__Brief__. Only lines with the word "Htrans" belong in the answer; copy them from the records below.

Stored data entries:
______

(* Eilenberg-Zilber: a simplex outside [rel_skel n] has a unique expression as
   a (necessarily surjective) degeneracy of an [n]-simplex outside [rel_skel n]. *)
Lemma nonskel_decomp_unique n (x x' : T n) m (t t' : Dmap m n) :
  ~ rel_skel n n x -> ~ rel_skel n n x' -> sact T m n t x = sact T m n t' x' ->
  ~ rel_skel n m (sact T m n t x) -> x = x' /\ t = t'.
Proof.
move=> hx hx' e hU; have hs := nonskel_act_surj hU.
have key (d : Dmap n m) : dcomp t d = did n -> dcomp t' d = did n /\ x = x'.
  move=> hd.
  have ex : x = sact T n n (dcomp t' d) x' by rewrite sact_comp -e -sact_comp hd sact_id.
  have hr : dcomp t' d = did n.
    by apply: dsurj_endo_id; apply: (nonskel_act_surj (x := x')); rewrite -ex.
  by split => //; rewrite ex hr sact_id.
have [d0 [hd0 _]] := dsurj_section ord0 hs.
split; first exact: (key d0 hd0).2.
apply: dmap_eq => j; have [d [hd hdj]] := dsurj_section j hs.
have := f_equal (fun r : Dmap n n => sval r (sval t j)) (key d hd).1.
by rewrite /dcomp /did /= !ffunE hdj => ->.
Qed.

Definition simplex_filler n c (x : T n) w :=
  PG n w /\ p n w = b n x /\
  forall l (t : Dmap l n), rel_skel n l (sact T l n t x) -> c l (sact T l n t x) = gact G t w.
Arguments simplex_filler n c x w : clear implicits.

Lemma filler_faces_compatible n c (x : T n.+1) w :
  partial_lift n.+1 c ->
  compatible_faces (fun i => c n (sact T n n.+1 (coface n i) x) - dface n i w)%R.
Proof.
case: n x w => [//|k] x w [_ [_ [_ c_nat]]] i j h1 h2 /=.
rewrite !dfaceB dface_dface // /dface -!c_nat; try exact: rel_skel_face.
by rewrite -!sact_comp coface_coface.
Qed.
Lemma quotient_cayley_abels (G : TopGroup) (N : G -> Prop) (Gm : graph)
  (aV : G -> V Gm -> V Gm) (aE : G -> E Gm -> E Gm)
  (D : graph) (pV : V Gm -> V D) (pE : E Gm -> E D)
  (Q : TopGroup) (pi : G -> Q) (bV : Q -> V D -> V D) (bE : Q -> E D -> E D) :
  is_quotient_graph G N Gm aV aE D pV pE ->
  (forall g n, N n -> N (gmul (ginv g) (gmul n g))) ->
  is_quotient_map N pi ->
  (forall g v, bV (pi g) (pV v) = pV (aV g v)) ->
  (forall g e, bE (pi g) (pE e) = pE (aE g e)) ->
  cayley_abels G Gm aV aE -> cayley_abels Q D bV bE.
Proof.
  intros HD HNconj Hpi HbV HbE [Hconn [Hfin [Hact [Htrans Hstab]]]].
  destruct (quotient_deg G N Gm aV aE D pV pE Hact HD HNconj Hconn Hfin Htrans)
    as [_ [d' [_ [[HdegD _] _]]]].
  pose proof Hpi as [pi_mul [pi_onto [_ [pi_cont pi_open]]]].
  split; [apply (quotient_connected G N Gm aV aE D pV pE HD Hconn)|].
  split; [exists d'; exact HdegD|].
  split; [eapply quotient_graph_action; eauto|].
  split; [eapply quotient_vertex_transitive; eauto|].
  intros w. destruct (proj1 HD w) as [v <-].
  erewrite stabilizer_quotient; eauto.
  destruct (Hstab v) as [Hopen Hcomp]. split; [apply pi_open, Hopen|].
  apply (compact_mod_image G Q pi pi_cont pi_mul (id_component G)); [|exact Hcomp].
  apply (id_component_image G Q pi pi_cont pi_mul).
Qed.
Lemma sat1_BS_transfer (V V' : set R) (A : fo_form) :
  V `<=` [set x | 0 <= x <= 1] -> V' 0 -> V' 1 ->
  BS_sat A -> sat1 V A -> sat1 V' A.
Proof.
move=> V01 V'0 V'1 [_ [xs [ys [psi [qpsi ->]]]]] [U [u0 [c [P [VP evalA]]]]].
have P01 p l : 0 <= P p l <= 1 by exact: V01.
pose e0 : nat -> U := fun=> u0.
have [us sz_us alls_gt0] : exists2 us, size us = size xs &
    0 < eval c P (upds e0 xs us) (alls ys psi).
  by apply: eval_exs_gt_inst; rewrite evalA ltr01.
pose P' := map_interp pos_indicator id P.
have P'01 p l : 0 <= P' p l <= 1.
  by rewrite /P' /map_interp /pos_indicator; case: ifP; rewrite ?lexx ?ler01.
exists U, u0, c, P'; split.
  by move=> p l; rewrite /P' /map_interp /pos_indicator; case: ifP.
apply/eqP; rewrite eq_le.
case/andP: (eval01 c P'01 e0 (exs xs (alls ys psi))) => _ ->.
apply: le_trans (eval_inst_le_exs c P'01 _ _ sz_us); apply: eval_alls_ge => js sz_js.
pose nneg := [pred x : R | 0 <= x].
have P_nneg p l : P p (map id l) \in nneg by rewrite inE; case/andP: (P01 p (map id l)).
have [_ ->] := eval_qfree_map (c' := c) (emb := id) (lexx 0 : 0 \in nneg) ler01
  pos_indicator_morph (upds (upds e0 xs us) ys js) qpsi (fun _ _ => erefl) (fun p l _ => P_nneg p l).
by rewrite /pos_indicator (lt_le_trans alls_gt0 (eval_alls_le_inst c P01 _ _ sz_js)).
Qed.

Section CountLt.
Context {disp : Order.disp_t} {T : orderType disp}.
Implicit Types (s : seq T) (x y : T).

Lemma sorted_index_count s x : sorted <%O s -> x \in s -> index x s = count (< x)%O s.
Proof.
elim: s => //= a s IH a_s; have /allP gt_a := order_path_min lt_trans a_s.
rewrite inE eq_sym; case: eqP => [<- _|_ xs].
  by rewrite ltxx (@eq_in_count _ _ pred0) ?count_pred0 // => y /gt_a /lt_gtF.
by rewrite gt_a // IH // (path_sorted a_s).
Qed.

Lemma count_lt_min s x : {in s, forall y, x <= y}%O -> count (< x)%O s = 0%nat.
Proof. by move=> ge_x; rewrite (@eq_in_count _ _ pred0) ?count_pred0 // => y /ge_x /le_gtF. Qed.

Lemma count_lt_max s x : uniq s -> x \in s -> {in s, forall y, y <= x}%O ->
  count (< x)%O s = (size s).-1.
Proof.
move=> s_uniq xs le_x; rewrite -(count_predC (< x)%O s).
rewrite (@eq_in_count _ (predC (< x)%O) (pred1 x)); first by rewrite count_uniq_mem // xs addn1.
by move=> y /le_x yx /=; rewrite lt_neqAle yx andbT negbK.
Qed.

Lemma count_lt_size s x : x \in s -> (count (< x)%O s < size s)%nat.
Proof.
move=> xs; rewrite ltn_neqAle count_size andbT -all_count.
by apply/allPn; exists x => //=; rewrite ltxx.
Qed.

Lemma count_lt_ltn s x y : x \in s -> (x < y)%O -> (count (< x)%O s < count (< y)%O s)%nat.
Proof.
move=> + xy; elim: s => //= a s IH; rewrite inE => /predU1P[<-|xs].
  by rewrite ltxx xy ltnS; apply: sub_count => z /= /lt_trans; apply.
rewrite -addnS leq_add ?IH //.
by case: (ltP a x) => // /lt_trans/(_ xy) ->.
Qed.

End CountLt.

Lemma infinite_set_sorted_seq (W : set R) (n : nat) :
  infinite_set W -> W 0 -> W 1 -> (2 <= n)%nat ->
  exists t : seq R, [/\ sorted <%O t, size t = n, {in t, forall x, W x}, 0 \in t & 1 \in t].
Proof.
move=> Winf W0 W1 n_ge2.
have [B BW card_B] := infinite_set_fset (n - 2) (infinite_setD Winf (finite_seq [:: 0; 1])).
pose Q := take (n - 2) (finmap.enum_fset B).
have QW x : x \in Q -> W x /\ x \notin [:: 0; 1].
  by move=> /mem_take /(BW x) [Wx /negP].
exists (sort <=%O [:: 0, 1 & Q]); split.
- rewrite sort_lt_sorted /= !inE negb_or eq_sym oner_eq0 take_uniq ?finmap.fset_uniq // !andbT.
  by apply/andP; split; apply/negP => /QW[_]; rewrite !inE eqxx ?orbT.
- by rewrite size_sort /= size_takel // -addn2 subnK.
- by move=> x; rewrite mem_sort !inE => /predU1P[->|/predU1P[->|/QW []]].
- by rewrite mem_sort mem_head.
- by rewrite mem_sort !inE eqxx orbT.
Qed.
(* The restriction functor $R:\mathbb T({}_H\mathcal M)\to{}_H\mathcal M^{par}$, $R(M,T)=(T(M),\pi_T)$ (acting as the identity on morphisms), is an equivalence of categories.
   Context: Throughout, $k$ is a field and $H$ is a Hopf algebra over $k$ with bijective antipode $S$ and Sweedler notation $\Delta(h)=h_{(1)}\otimes h_{(2)}$. A partial representation of $H$ on a vector space $M$ is a linear map $\pi:H\to\mathrm{End}_k(M)$ satisfying, for all $h,k\in H$: - $\pi(1_H)=\mathrm{id}$; - $\pi(h)\pi(k_{(1)})\pi(S(k_{(2)}))=\pi(hk_{(1)})\pi(S(k_{(2)}))$; - $\pi(h_{(1)})\pi(S(h_{(2)}))\pi(k)=\pi(h_{(1)})\pi(S(h_{(2)})k)$; - $\pi(h)\pi(S(k_{(1)}))\pi(k_{(2)})=\pi(hS(k_{(1)}))\pi(k_{(2)})$; - $\pi(S(h_{(1)}))\pi(h_{(2)})\pi(k)=\pi(S(h_{(1)}))\pi(h_{(2)}k)$. The pair $(M,\pi)$ is then a partial $H$-module. Partial $H$-modules form the category ${}_H\mathcal M^{par}$, whose morphisms are linear maps $f$ with $f\circ\pi(h)=\pi'(h)\circ f$ for all $h$. For a left $H$-module $M$ (action $\triangleright$) and a linear $T:M\to M$, put $T_h(m)=h_{(1)}\triangleright T(S(h_{(2)})\triangleright m)$. A projection $T$ ($T^2=T$) satisfies the c-condition if $T_h\circ T=T\circ T_h$ for all $h\in H$. The category $\mathbb T({}_H\mathcal M)$ is defined as follows: - objects are pairs $(M,T)$ with $M$ a left $H$-module and $T$ a linear projection on $M$ satisfying the c-condition; - morphisms $f:(M,T)\to(N,S)$ are linear maps $f:T(M)\to S(N)$ with $f(T(h\triangleright m))=S(h\triangleright f(m))$ for all $h\in H$, $m\in T(M)$. For such $(M,T)$, $\pi_T(h)(m)=T(h\triangleright m)$ ($m\in T(M)$) makes $T(M)$ a partial $H$-module. *)

From HB Require Import structures.
From mathcomp Require Import all_boot all_order all_algebra.
Unset Implicit Arguments.
Unset Strict Implicit.
Unset Printing Implicit Defensive.
Import GRing.Theory.
Local Open Scope ring_scope.

Section HopfDefs.
Variable k : fieldType.
Variable H : algType k.

(** Elements of H (x) H are represented by finite lists of simple tensors
    [p.1 (x) p.2]; the coproduct is [Delta : H -> seq (H * H)], so that
    Sweedler sums  sum h_(1) .. h_(2)  become  \sum_(p <- Delta h) .. p.1 .. p.2. *)

Definition lin_functional (f : H -> k) : Prop :=
  forall a x y, f (a *: x + y) = a * f x + f y.

Definition lin_map {U V : lmodType k} (f : U -> V) : Prop :=
  forall a x y, f (a *: x + y) = a *: f x + f y.

(** Equality in H (x) H (over a field, linear functionals separate tensors). *)
Definition tensor_eq (s t : seq (H * H)) : Prop :=
  forall f g, lin_functional f -> lin_functional g ->
    \sum_(p <- s) f p.1 * g p.2 = \sum_(p <- t) f p.1 * g p.2.

Variable Delta : H -> seq (H * H).
Variable eps : H -> k.
Variable S : H -> H.

Record is_hopf : Prop := {
  hopf_Delta_lin : forall a x y,
    tensor_eq (Delta (a *: x + y)) ([seq (a *: p.1, p.2) | p <- Delta x] ++ Delta y);
  hopf_coassoc : forall h f g l,
    lin_functional f -> lin_functional g -> lin_functional l ->
    \sum_(p <- Delta h) (\sum_(q <- Delta p.1) f q.1 * g q.2) * l p.2
    = \sum_(p <- Delta h) f p.1 * (\sum_(q <- Delta p.2) g q.1 * l q.2);
  hopf_eps_lin : lin_functional eps;
  hopf_counit_l : forall h, \sum_(p <- Delta h) eps p.1 *: p.2 = h;
  hopf_counit_r : forall h, \sum_(p <- Delta h) eps p.2 *: p.1 = h;
  hopf_Delta_mul : forall x y,
    tensor_eq (Delta (x * y)) [seq (p.1 * q.1, p.2 * q.2) | p <- Delta x, q <- Delta y];
  hopf_Delta_1 : tensor_eq (Delta 1) [:: (1, 1)];
  hopf_eps_mul : forall x y, eps (x * y) = eps x * eps y;
  hopf_eps_1 : eps 1 = 1;
  hopf_S_lin : lin_map S;
  hopf_antipode_l : forall h, \sum_(p <- Delta h) S p.1 * p.2 = (eps h)%:A;
  hopf_antipode_r : forall h, \sum_(p <- Delta h) p.1 * S p.2 = (eps h)%:A
}.

Record is_Hmod {M : lmodType k} (act : H -> M -> M) : Prop := {
  hmod_lin : forall h, lin_map (act h);
  hmod_linH : forall a x y m, act (a *: x + y) m = a *: act x m + act y m;
  hmod_one : forall m, act 1 m = m;
  hmod_mul : forall x y m, act (x * y) m = act x (act y m)
}.

Record is_partial_rep {V : lmodType k} (pi : H -> V -> V) : Prop := {
  prep_lin : forall h, lin_map (pi h);
  prep_linH : forall a x y v, pi (a *: x + y) v = a *: pi x v + pi y v;
  prep_one : forall v, pi 1 v = v;
  prep_ax1 : forall h x v, \sum_(p <- Delta x) pi h (pi p.1 (pi (S p.2) v))
                    = \sum_(p <- Delta x) pi (h * p.1) (pi (S p.2) v);
  prep_ax2 : forall h x v, \sum_(p <- Delta h) pi p.1 (pi (S p.2) (pi x v))
                    = \sum_(p <- Delta h) pi p.1 (pi (S p.2 * x) v);
  prep_ax3 : forall h x v, \sum_(p <- Delta x) pi h (pi (S p.1) (pi p.2 v))
                    = \sum_(p <- Delta x) pi (h * S p.1) (pi p.2 v);
  prep_ax4 : forall h x v, \sum_(p <- Delta h) pi (S p.1) (pi p.2 (pi x v))
                    = \sum_(p <- Delta h) pi (S p.1) (pi (p.2 * x) v)
}.

Definition Tconj {M : lmodType k} (act : H -> M -> M) (T : M -> M) (h : H) (m : M) : M :=
  \sum_(p <- Delta h) act p.1 (T (act (S p.2) m)).

Record TObj := {
  t_car : lmodType k;
  t_act : H -> t_car -> t_car;
  t_act_mod : is_Hmod t_act;
  t_T : t_car -> t_car;
  t_T_lin : lin_map t_T;
  t_T_idem : forall m, t_T (t_T m) = t_T m;
  t_T_c : forall h m, Tconj t_act t_T h (t_T m) = t_T (Tconj t_act t_T h m)
}.


(** The subspace T(M) = {m | T m = m} as a k-vector space. *)
Definition fixT (X : TObj) : {pred t_car X} := fun x => t_T X x == x.

Lemma fixT_submod (X : TObj) : GRing.submod_closed (fixT X).
Proof.
split.
  rewrite /fixT unfold_in /=; apply/eqP.
  have h := t_T_lin X 1 0 0; rewrite !scale1r !addr0 in h.
  by apply: (addrI (t_T X 0)); rewrite addr0 -h.
move=> a x y; rewrite /fixT !unfold_in /= => /eqP hx /eqP hy.
by apply/eqP; rewrite t_T_lin hx hy.
Qed.

HB.instance Definition _ (X : TObj) :=
  GRing.isSubmodClosed.Build k (t_car X) (fixT X) (fixT_submod X).

Definition img (X : TObj) := {x : t_car X | x \in fixT X}.
HB.instance Definition _ (X : TObj) := [isSub for (@proj1_sig _ _ : img X -> t_car X)].
HB.instance Definition _ (X : TObj) := [Choice of img X by <:].
HB.instance Definition _ (X : TObj) := [SubChoice_isSubLmodule of img X by <:].

Lemma piT_subproof (X : TObj) (y : t_car X) : t_T X y \in fixT X.
Proof. by rewrite /fixT unfold_in /= t_T_idem. Qed.

Definition piT (X : TObj) (h : H) (m : img X) : img X :=
  Sub (t_T X (t_act X h (val m))) (piT_subproof X (t_act X h (val m))).

Definition Hom_T (X Y : TObj) (f : img X -> img Y) : Prop :=
  lin_map f /\ forall h m, val (f (piT X h m)) = t_T Y (t_act Y h (val (f m))).

Record PMod := {
  p_car : lmodType k;
  p_pi : H -> p_car -> p_car;
  p_ax : is_partial_rep p_pi
}.


Definition Hom_P (A B : PMod) (f : p_car A -> p_car B) : Prop :=
  lin_map f /\ forall h v, f (p_pi A h v) = p_pi B h (f v).

End HopfDefs.

(** Equivalence of categories, for two categories whose objects have carriers
    C1 X / C2 A, whose morphisms are the functions satisfying Hom1 / Hom2,
    with composition = function composition and identities = id.
    (Fo, Fm) must be a functor, and there must be a functor (Go, Gm) with natural
    isomorphisms  eta : Id => G o F  and  epsi : F o G => Id. *)
Definition is_functor {O1 O2 : Type} {C1 : O1 -> Type} {C2 : O2 -> Type}
  (Hom1 : forall X Y, (C1 X -> C1 Y) -> Prop)
  (Hom2 : forall A B, (C2 A -> C2 B) -> Prop)
  {Fo : O1 -> O2} (Fm : forall X Y, (C1 X -> C1 Y) -> (C2 (Fo X) -> C2 (Fo Y))) : Prop :=
  [/\ forall X Y f, Hom1 X Y f -> Hom2 (Fo X) (Fo Y) (Fm X Y f),
      forall X, Fm X X id =1 id &
      forall X Y Z f g, Hom1 X Y f -> Hom1 Y Z g ->
        Fm X Z (g \o f) =1 Fm Y Z g \o Fm X Y f].

Definition is_iso {O : Type} {C : O -> Type} (Hom : forall X Y, (C X -> C Y) -> Prop)
  {X Y : O} (f : C X -> C Y) : Prop :=
  Hom X Y f /\ exists g : C Y -> C X, [/\ Hom Y X g, g \o f =1 id & f \o g =1 id].

Definition is_equivalence {O1 O2 : Type} {C1 : O1 -> Type} {C2 : O2 -> Type}
  (Hom1 : forall X Y, (C1 X -> C1 Y) -> Prop)
  (Hom2 : forall A B, (C2 A -> C2 B) -> Prop)
  (Fo : O1 -> O2) (Fm : forall X Y, (C1 X -> C1 Y) -> (C2 (Fo X) -> C2 (Fo Y))) : Prop :=
  is_functor Hom1 Hom2 Fm /\
  exists (Go : O2 -> O1) (Gm : forall A B, (C2 A -> C2 B) -> (C1 (Go A) -> C1 (Go B))),
    is_functor Hom2 Hom1 Gm /\
    (exists eta : forall X, C1 X -> C1 (Go (Fo X)),
      (forall X, is_iso Hom1 (eta X)) /\
      (forall X Y f, Hom1 X Y f -> eta Y \o f =1 Gm _ _ (Fm X Y f) \o eta X)) /\
    (exists epsi : forall A, C2 (Fo (Go A)) -> C2 A,
      (forall A, is_iso Hom2 (epsi A)) /\
      (forall A B g, Hom2 A B g -> epsi B \o Fm _ _ (Gm A B g) =1 g \o epsi A)).

(* Restriction lands in partial modules because two operators on M commute with T: the
   conjugate T_h = h_(1) |> T(S(h_(2)) |> -), by the c-condition, and its mirror
   S(h_(1)) |> T(h_(2) |> -), by coassociativity, the counit and the antipode. Each of the four
   partial-representation axioms on T(M) is one of these two commutations, read on the left or
   on the right.
   A quasi-inverse is globalization: for a partial module (V, pi), H acts by right translation
   on the linear maps f : H -> V compatible with pi, with projection f |-> pi(-)(f 1). Then
   v |-> pi(-) v and f |-> f 1 are inverse isomorphisms between V and the restriction of its
   globalization, and both unit and counit are built from them.
   Tensors in H (x) H are lists compared through linear forms, so each Hopf identity is first
   transferred to arbitrary bilinear and trilinear maps: any finite family of vectors is fixed
   by a finite-rank operator sum_i f_i(-) v_i, whose forms f_i come from Zorn's lemma. *)

From HB Require Import structures.
From mathcomp Require Import all_boot all_order all_algebra.
From mathcomp Require Import boolp classical_sets functions.
Set Implicit Arguments.
Unset Strict Implicit.
Unset Printing Implicit Defensive.
Import GRing.Theory.
Local Open Scope ring_scope.

Section LinearMaps.
Variables (k : fieldType) (U W : lmodType k) (f : U -> W).
Hypothesis f_lin : lin_map k f.

Lemma lin_map0 : f 0 = 0.
Proof.
have := f_lin 1 0 0; rewrite !scale1r addr0 => f00.
by apply: (addrI (f 0)); rewrite addr0 -f00.
Qed.

Lemma lin_mapD x y : f (x + y) = f x + f y.
Proof. by rewrite -[x]scale1r f_lin !scale1r. Qed.

Lemma lin_mapZ a x : f (a *: x) = a *: f x.
Proof. by rewrite -[a *: x]addr0 f_lin lin_map0 addr0. Qed.

Lemma lin_map_sum (I : Type) (r : seq I) (F : I -> U) :
  f (\sum_(i <- r) F i) = \sum_(i <- r) f (F i).
Proof. by elim: r => [|i r IH]; rewrite ?big_nil ?lin_map0 // !big_cons lin_mapD IH. Qed.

______

__Answer__.
  intros HD HNconj Hpi HbV HbE [Hconn [Hfin [Hact [Htrans Hstab]]]].
  destruct (quotient_deg G N Gm aV aE D pV pE Hact HD HNconj Hconn Hfin Htrans)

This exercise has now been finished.